È in prima linea per il no al referendum sulla riforma costituzionale, anche per la salvaguardia del nostro patrimonio artistico. «La riforma prevede tra le altre cose di affidare la promozione alle Regioni, mentre la valorizzazione resterebbe allo Stato. Ora, al di là del gap semantico, per cui difficilmente si potrà distinguere tra le due aree di competenza, mi pare evidente che si continui ad andare verso un’unica direzione, quella del patrimonio come strumento di crescita non culturale ma del Pil». Così Tomaso Montanari, storico dell’arte, professore all’Università Federico II di Napoli, vicepresidente di Libertà e Giustizia, racconta la sua visione della tutela. A partire dal celebre no all’invito a fare l’assessore alla cultura di Roma. «Solo perché non sono romano e non credo agli assessori di ventura, specie se alla cultura. Devi essere un pezzo di quella comunità». Professor Montanari, ci aiuta a fare il punto sulle emergenze nella Capitale dal punto di vista della tutela?
«La vera emergenza sta nella conservazione quotidiana, il punto vero è progettare quella che il ministro Urbani chiamava “conservazione programmata”, che è diverso dai grandi interventi di restauro. Interventi che rischiano di essere radicali, con monumenti puliti in modo violento. “Alla manutenzione, l’Italia preferisce l’inaugurazione” scriveva Leo Longanesi nel 1955 e oggi è ancora più vero. La politica “culturale” dei grandi eventi rende inimmaginabile che un ministro o un sindaco trovino conveniente annunciare una campagna di manutenzione ordinaria, troppo grigia. E anche gli sponsor difficilmente decidono di farsi carico della conservazione ordinaria appunto».
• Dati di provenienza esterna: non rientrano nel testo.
(* Let $n\ge1$. If $E$ is an equivalence relation on $\mathbb{N}$ which is not $\Sigma^0_n$, then $E$ is not $\Sigma^0_n$-graphable. In particular, for every $n\ge1$ there are $\Pi^0_n$ equivalence relations on $\mathbb{N}$ which are not $\Sigma^0_n$-graphable.
   Context: $E$ is $\Gamma$-graphable if there is a simple undirected graph $G\subseteq\mathbb{N}\times\mathbb{N}$ in $\Gamma$ whose connectedness relation (connected by a finite path) equals $E$. *)

(* Arithmetical hierarchy on relations on nat, defined via
   first-order arithmetic formulas: a bounded (Delta_0) matrix preceded by
   alternating blocks of unbounded quantifiers. *)
From Stdlib Require Import Arith Relations RelationClasses.

(* Terms of the language of arithmetic; variables are de Bruijn indices. *)
Inductive term : Type :=
| tvar : nat -> term
| tzero : term
| tsucc : term -> term
| tplus : term -> term -> term
| tmul : term -> term -> term.

Fixpoint teval (env : nat -> nat) (t : term) : nat :=
  match t with
  | tvar k => env k
  | tzero => 0
  | tsucc s => S (teval env s)
  | tplus s u => teval env s + teval env u
  | tmul s u => teval env s * teval env u
  end.

Definition scons (a : nat) (env : nat -> nat) : nat -> nat :=
  fun k => match k with 0 => a | S k' => env k' end.

(* Bounded (Delta_0) formulas. [bforall t phi] means: for all x < t, phi
   (t is evaluated in the outer environment, phi in the extended one). *)
Inductive bform : Type :=
| beq : term -> term -> bform
| blt : term -> term -> bform
| bnot : bform -> bform
| band : bform -> bform -> bform
| bor : bform -> bform -> bform
| bforall : term -> bform -> bform
| bexists : term -> bform -> bform.
(* Up to conjugation and the factor Delta^(2d), which rho sends to a power of
   t times the identity, rho(beta) is the product of the matrices
   rho(sigma_2^(-a) sigma_1); each is [[0,0],[(-1)^a,(-1)^a]] mod t and has
   determinant (-t)^(a+1).  So, after normalising by a power of t, the
   characteristic polynomial of rho(beta) is X^2 - tau X + eps t^p with
   tau in Z[[t]], tau(0) = (-1)^S, eps = (-1)^(S+k) and p = S + k > 0, where
   S = a_1 + ... + a_k.  Since tau(0) <> 0 and p > 0, solving
   (tau - t^p mu) mu = eps coefficient by coefficient splits it over R[[t]]
   into the roots tau - t^p mu and t^p mu, with lowest coefficients (-1)^S
   and eps / tau(0) = (-1)^k: the signs of the eigenvalues are read off
   from the parities of S and k. *)

From HB Require Import structures.
From mathcomp Require Import all_boot all_order all_algebra.
From mathcomp Require Import boolp classical_sets functions cardinality fsbigop.
From mathcomp Require Import Rstruct.
From mathcomp Require Import ring zify.

Set Implicit Arguments.
Unset Strict Implicit.
Unset Printing Implicit Defensive.
Import Order.TTheory GRing.Theory Num.Theory.
Local Open Scope ring_scope.

Local Notation RR := Rdefinitions.R.

Definition ps_const (R : nzRingType) (c : R) (n : nat) : R :=
  if n == 0%N then c else 0.

Definition ps_shift (R : nzRingType) (k : nat) (f : nat -> R) (n : nat) : R :=
  if (k <= n)%N then f (n - k)%N else 0.

Definition ps_mul (R : nzRingType) (f g : nat -> R) (n : nat) : R :=
  \sum_(i < n.+1) f i * g (n - i)%N.

Lemma ps_shift_small (R : nzRingType) k (f : nat -> R) n :
  (n < k)%N -> ps_shift k f n = 0.
Proof. by rewrite /ps_shift ltnNge => /negbTE->. Qed.

Section CourseOfValues.
Variables (T : Type) (x0 : T) (step : (nat -> T) -> nat -> T).
Hypothesis step_below :
  forall f g r, (forall j, (j < r)%N -> f j = g j) -> step f r = step g r.

Fixpoint cov_prefix (n : nat) : seq T :=
  if n is n'.+1 then rcons (cov_prefix n') (step (nth x0 (cov_prefix n')) n)
  else [:: step (fun=> x0) 0].

Definition cov_fix (n : nat) : T := nth x0 (cov_prefix n) n.

Lemma size_cov_prefix n : size (cov_prefix n) = n.+1.
Proof. by elim: n => //= n IH; rewrite size_rcons IH. Qed.

Lemma nth_cov_prefix n j : (j <= n)%N -> nth x0 (cov_prefix n) j = cov_fix j.
Proof.
elim: n => [|n IH]; first by rewrite leqn0 => /eqP->.
rewrite leq_eqVlt => /orP[/eqP-> //|lt_jn].
by rewrite /= nth_rcons size_cov_prefix lt_jn IH.
Qed.

Lemma cov_fixE r : cov_fix r = step cov_fix r.
Proof.
case: r => [|n]; first exact: step_below.
rewrite /cov_fix /= nth_rcons size_cov_prefix ltnn eqxx.
by apply: step_below => j lt_jn; rewrite nth_cov_prefix.
Qed.

End CourseOfValues.

Section QuadraticSplit.
Variables (F : fieldType) (tau : nat -> F) (eps : F) (p : nat).
Hypotheses (p_gt0 : (0 < p)%N) (tau0_neq0 : tau 0%N != 0).

(* Coefficient [r] of [(tau - t^p mu) mu = eps], solved for [mu r]; as
   [p > 0], the right-hand side only involves [mu] below [r]. *)
Definition split_step (mu : nat -> F) (r : nat) : F :=
  (tau 0%N)^-1 * (ps_const eps r - \sum_(i < r) tau i.+1 * mu (r - i.+1)%N
                  + \sum_(i < r.+1) ps_shift p mu i * mu (r - i)%N).

Lemma split_step_below (f g : nat -> F) r :
  (forall j, (j < r)%N -> f j = g j) -> split_step f r = split_step g r.
Proof.
move=> eq_fg; rewrite /split_step; congr (_ * (_ - _ + _)).
  by apply: eq_bigr => -[i lt_ir] _; rewrite eq_fg //=; lia.
apply: eq_bigr => -[i lt_ir] _; rewrite /ps_shift /=.
by case: ifP => [le_pi|_]; rewrite ?mul0r // !eq_fg //; lia.
Qed.

Definition split_mu : nat -> F := cov_fix 0 split_step.

Lemma split_muE r :
  tau 0%N * split_mu r = ps_const eps r
    - \sum_(i < r) tau i.+1 * split_mu (r - i.+1)%N
    + \sum_(i < r.+1) ps_shift p split_mu i * split_mu (r - i)%N.
Proof.
rewrite {1}/split_mu (cov_fixE 0 split_step_below) -/split_mu.
by rewrite /split_step mulrA mulfV // mul1r.
Qed.

Definition split_nu (n : nat) : F := tau n - ps_shift p split_mu n.

Lemma ps_mul_split : ps_mul split_nu split_mu = ps_const eps.
Proof.
apply/funext => r; rewrite /ps_mul; under eq_bigr do rewrite mulrBl.
rewrite sumrB big_ord_recl subn0 split_muE.
ring.
Qed.

Lemma ps_quadratic_split :
  exists nu mu : nat -> F,
    [/\ forall n, nu n + ps_shift p mu n = tau n, ps_mul nu mu = ps_const eps,
        nu 0%N = tau 0%N & mu 0%N = eps / tau 0%N].
Proof.
exists split_nu, split_mu; split.
- by move=> n; rewrite subrK.
- exact: ps_mul_split.
- by rewrite /split_nu ps_shift_small ?subr0.
- apply: (mulfI tau0_neq0); rewrite split_muE big_ord0 big_ord1 ps_shift_small //.
  by rewrite [RHS]mulrC divfK // mul0r subr0 addr0.
Qed.

End QuadraticSplit.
In effetti dal punto di vista dello sponsor è comprensibile che si preferiscano operazioni come quella sostenuta da Bulgari per la Scalinata di Trinità dei Monti.

«Che però portano a paradossi quali l’idea da parte dell’azienda di mettere una cancellata in piazza di Spagna come se fosse di loro proprietà. Guardi che non ce l’ho con l’azienda che ha fatto un gesto meritorio, ma con chi consente questo tipo di operazioni».

Certo che l’episodio recente dell’Elefantino del Bernini vandalizzato in piazza Minerva sembra dar loro ragione…

«È il sintomo del fatto che il problema è più profondo e riguarda, cioè, l’idea stessa della conservazione e della cura quotidiana degli oggetti, che è uscita dal nostro orizzonte mentale di cittadini. Manca la consapevolezza della responsabilità che ognuno di noi ha della tutela del patrimonio. Non servono cancellate, serve la conoscenza».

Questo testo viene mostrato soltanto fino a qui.